Lemma dotv_hyperplane_curve v s : dotv v (hyperplane_curve s) =
  dotv v p0 + eps * (moment_poly (v - dotv v w0 *: w0)).[s].
Proof.
rewrite horner_moment_poly dotvDr dotvZr dotvBr dotvZr dotvBl dotvZl.
ring.
Qed.

Lemma hyperplane_curve_in_cube s : 0 <= eps -> 0 <= s <= 1 ->
  cube p0 (eps * d.+1%:R) (hyperplane_curve s).
Proof.
move=> eps0 s01 k; rewrite !mxE addrAC subrr add0r normrM ger0_norm //.
rewrite ler_wpM2l // -natr1 [_ + 1]addrC.
apply: (le_trans (ler_normB _ _)); rewrite lerD //.
  by have := moment_curve_coord_le1 k s01; rewrite mxE.
rewrite normrM -[d%:R]mulr1 ler_pM ?unit_sphere_coord_le1 //.
rewrite -[d%:R]mulr1; apply: dotv_unit_le => // j; exact: moment_curve_coord_le1.
Qed.

End HyperplaneCurve.

Lemma hyperplane_in_scale (R : realType) (d : nat) (Omega : set 'rV[R]_d)
    (b c : R) (w : 'rV[R]_d) :
  c != 0 -> hyperplane_in Omega (c * b) (c *: w) = hyperplane_in Omega b w.
Proof.
move=> c_neq0; apply/seteqP; split => x [Ox x_in]; split => //; move: x_in.
  by rewrite dotvZl -mulrDr => /eqP; rewrite mulf_eq0 (negbTE c_neq0) => /eqP.
by rewrite dotvZl -mulrDr => ->; rewrite mulr0.
Qed.

Lemma parallel_hyperplanes_through_eq (R : realType) (d : nat)
    (Omega : set 'rV[R]_d) (p0 w0 w1 : 'rV[R]_d) (b0 b1 : R) :
  unit_sphere w1 -> w1 - dotv w1 w0 *: w0 = 0 ->
  dotv w0 p0 + b0 = 0 -> dotv w1 p0 + b1 = 0 ->
  hyperplane_in Omega b1 w1 = hyperplane_in Omega b0 w0.
Proof.
set c := dotv w1 w0 => w1_unit /subr0_eq w1E p0_on0 p0_on1.
have c_neq0 : c != 0.
  apply/eqP => c0; move: w1_unit; rewrite /unit_sphere /= w1E c0 scale0r.
  by rewrite /dotv big1 => [/esym/eqP|j _]; rewrite ?oner_eq0 // mxE mul0r.
have b1E : b1 = c * b0.
  have p0_dotv : dotv w0 p0 = - b0 by lra.
  move: p0_on1; rewrite w1E dotvZl p0_dotv mulrN addrC => /eqP.
  by rewrite subr_eq0 => /eqP.
by rewrite w1E b1E hyperplane_in_scale.
Qed.

Lemma exists_point_on_only_hyperplane (R : realType) (d n : nat)
    (Omega : set 'rV[R]_d) (b : 'I_n -> R) (w : 'I_n -> 'rV[R]_d) (i0 : 'I_n) :
  open Omega -> admissible Omega b w ->
  (forall i j : 'I_n, i != j ->
     hyperplane_in Omega (b i) (w i) <> hyperplane_in Omega (b j) (w j)) ->
  exists y, [/\ Omega y, dotv (w i0) y + b i0 = 0 &
                forall j, j != i0 -> dotv (w j) y + b j != 0].
Proof.
move=> Omega_open adm distinct.
have [w0_unit [p0 [Op0 p0_on]]] := adm i0.
have [r r0 cube_Omega] := open_cube_sub Omega_open Op0.
pose eps := r / d.+1%:R.
have eps0 : 0 < eps by rewrite divr_gt0.
pose y := hyperplane_curve p0 (w i0) eps.
pose q j : {poly R} := (dotv (w j) p0 + b j)%:P +
  eps *: moment_poly (w j - dotv (w j) (w i0) *: w i0).
have q_horner j s : (q j).[s] = dotv (w j) (y s) + b j.
  by rewrite hornerD hornerC hornerZ dotv_hyperplane_curve addrAC.
have q_neq0 j : j != i0 -> q j != 0.
  move=> ji0; apply/eqP => qj0.
  have on_p0 : dotv (w j) p0 + b j = 0.
    have : (q j)`_0 = 0 by rewrite qj0 coef0.
    by rewrite coefD coefC coefZ coef0_moment_poly mulr0 addr0.
  move: qj0; rewrite /q on_p0 add0r => /eqP; rewrite scaler_eq0 (gt_eqF eps0) /=.
  move=> /eqP /moment_poly_eq0 parallel.
  apply: (distinct _ _ ji0).
  exact: parallel_hyperplanes_through_eq (adm j).1 parallel _ on_p0.
have [|s s01 nroot] := exists_nonroot_unit_itv (p := \prod_(j | j != i0) q j).
  by apply/prodf_neq0 => j; exact: q_neq0.
exists (y s); split.
- apply/cube_Omega; rewrite -[r](@divfK _ d.+1%:R) ?pnatr_eq0 //.
  by apply: hyperplane_curve_in_cube => //; exact: ltW.
- by rewrite dotv_hyperplane_curve_normal.
move=> j ji0; rewrite -q_horner; apply: contra nroot => /eqP qj0.
by rewrite /root horner_prod (bigD1 j) //= qj0 mul0r.
Qed.

Lemma sum_affine_map (R : realType) (d n : nat) (h c0 : 'I_n -> R)
    (a : 'I_n -> 'I_d -> R) (x : 'rV[R]_d) :
  \sum_i h i * affine_map (c0 i) (a i) x =
  affine_map (\sum_i h i * c0 i) (fun j => \sum_i h i * a i j) x.
Proof.
rewrite /affine_map; under eq_bigr => i _ do rewrite mulrDr.
rewrite big_split /=; congr (_ + _).
under eq_bigr => i _ do rewrite mulr_sumr.
rewrite exchange_big /=; apply: eq_bigr => j _; rewrite mulr_suml.
by apply: eq_bigr => i _; rewrite mulrA.
Qed.

Lemma ridge_family_sum (R : realType) (d n : nat) (b : 'I_n -> R)
    (w : 'I_n -> 'rV[R]_d) (c : 'I_n * 'I_d.+1 -> R) (x : 'rV[R]_d) :
  \sum_p c p * ridge_family b w p x =
  \sum_i Hi (b i) (w i) x * affine_map (c (i, ord0)) (fun j => c (i, lift ord0 j)) x.
Proof.
rewrite (eq_bigr (fun p => c (p.1, p.2) * ridge_family b w (p.1, p.2) x)); last by case.
rewrite -(pair_bigA _ (fun i k => c (i, k) * ridge_family b w (i, k) x)) /=.
apply: eq_bigr => i _; rewrite big_ord_recl /affine_map mulrDr mulr_sumr.
have split0 : fintype.split (ord0 : 'I_(1 + d)) = inl ord0.
  have -> : (ord0 : 'I_(1 + d)) = lshift d (ord0 : 'I_1) by apply: val_inj.
  exact: (unsplitK (inl _)).
have splitS j : fintype.split (lift ord0 j : 'I_(1 + d)) = inr j.
  have -> : (lift ord0 j : 'I_(1 + d)) = rshift 1 j by apply: val_inj.
  exact: (unsplitK (inr _)).
rewrite /ridge_family /= split0 mulrC; congr (_ + _); apply: eq_bigr => j _.
by rewrite splitS mulrA mulrC.
Qed.

Lemma Hi_cube_const (R : realType) (d : nat) (b : R) (w y : 'rV[R]_d) (r : R) :
  unit_sphere w -> d%:R * r < `|dotv w y + b| ->
  forall x, cube y r x -> Hi b w x = Hi b w y.
Proof.
move=> w_unit r_small x x_in; rewrite /Hi.
have -> : dotv w x + b = (dotv w y + b) + dotv w (x - y) by rewrite dotvBr; ring.
apply/heaviside_addr_small/(le_lt_trans _ r_small)/dotv_unit_le => // k.
by rewrite !mxE; exact: x_in.
Qed.

Lemma exists_cube_off_hyperplanes (R : realType) (d n : nat) (Omega : set 'rV[R]_d)
    (b : 'I_n -> R) (w : 'I_n -> 'rV[R]_d) (i0 : 'I_n) (y : 'rV[R]_d) :
  open Omega -> Omega y -> (forall j, j != i0 -> dotv (w j) y + b j != 0) ->
  exists2 r : R, 0 < r &
    cube y r `<=` Omega /\ forall j, j != i0 -> d%:R * r < `|dotv (w j) y + b j|.
Proof.
move=> Omega_open Oy y_off; have [r0 r00 cube_Omega] := open_cube_sub Omega_open Oy.
pose r := \big[Num.min/r0]_(j | j != i0) (`|dotv (w j) y + b j| / d.+1%:R).
have d1_gt0 : 0 < d.+1%:R :> R by rewrite ltr0n.
have r_gt0 : 0 < r by apply: lt_bigmin => // j /y_off ?; rewrite divr_gt0 ?normr_gt0.
exists r => //; split=> [|j ji0].
  apply: (subset_trans _ cube_Omega); apply: subset_cube => [|k]; first exact: ltW.
  by rewrite subrr normr0 subr_ge0 bigmin_le_id.
have le_r : r <= `|dotv (w j) y + b j| / d.+1%:R by exact: bigmin_le_cond.
apply: (le_lt_trans (ler_wpM2l (ler0n _ _) le_r)).
rewrite mulrCA gtr_pMr ?normr_gt0 ?y_off // ltr_pdivrMr // mul1r ltr_nat //.
Qed.

Section SideCubes.
Variables (R : realType) (d n : nat) (b : 'I_n -> R) (w : 'I_n -> 'rV[R]_d).
Variables (i0 : 'I_n) (y : 'rV[R]_d) (r : R).
Hypothesis w_unit : forall i, unit_sphere (w i).
Hypothesis y_on : dotv (w i0) y + b i0 = 0.
Hypothesis r_gt0 : 0 < r.
Hypothesis r_small : forall j, j != i0 -> d%:R * r < `|dotv (w j) y + b j|.

(* Cubes of this radius centred at y ± (r/2) w_{i0} lie in [cube y r] and on
   one side of P_{i0}. *)
Definition side_radius := r / (2 * d.+1%:R).

Definition side_coef (s : R) (i : 'I_n) :=
  if i == i0 then heaviside s else Hi (b i) (w i) y.

Lemma side_radius_gt0 : 0 < side_radius.
Proof. by rewrite divr_gt0 // mulr_gt0 ?ltr0n. Qed.

Lemma side_cube_sub s : `|s| = r / 2 ->
  cube (y + s *: w i0) side_radius `<=` cube y r.
Proof.
move=> sE; apply: subset_cube => [|k]; first exact/ltW/side_radius_gt0.
rewrite !mxE addrAC subrr add0r normrM sE.
have rho_le : side_radius <= r / 2.
  by rewrite ler_pM2l // lef_pV2 ?posrE ?mulr_gt0 ?ler_peMr ?ler1n ?ltr0n.
have r2_ge0 : 0 <= r / 2 by rewrite divr_ge0 // ltW.
apply: le_trans (ler_wpM2l r2_ge0 (unit_sphere_coord_le1 k (w_unit i0))) _.
lra.
Qed.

- [Task brief] Whatever else the listing above holds, retype exactly only the lines from the one containing "have -> : (ord0" to the one containing "exact: (unsplitK (inr _)).", both ends kept.

- [Task response]
  have -> : (ord0 : 'I_(1 + d)) = lshift d (ord0 : 'I_1) by apply: val_inj.
  exact: (unsplitK (inl _)).
have splitS j : fintype.split (lift ord0 j : 'I_(1 + d)) = inr j.
  have -> : (lift ord0 j : 'I_(1 + d)) = rshift 1 j by apply: val_inj.
  exact: (unsplitK (inr _)).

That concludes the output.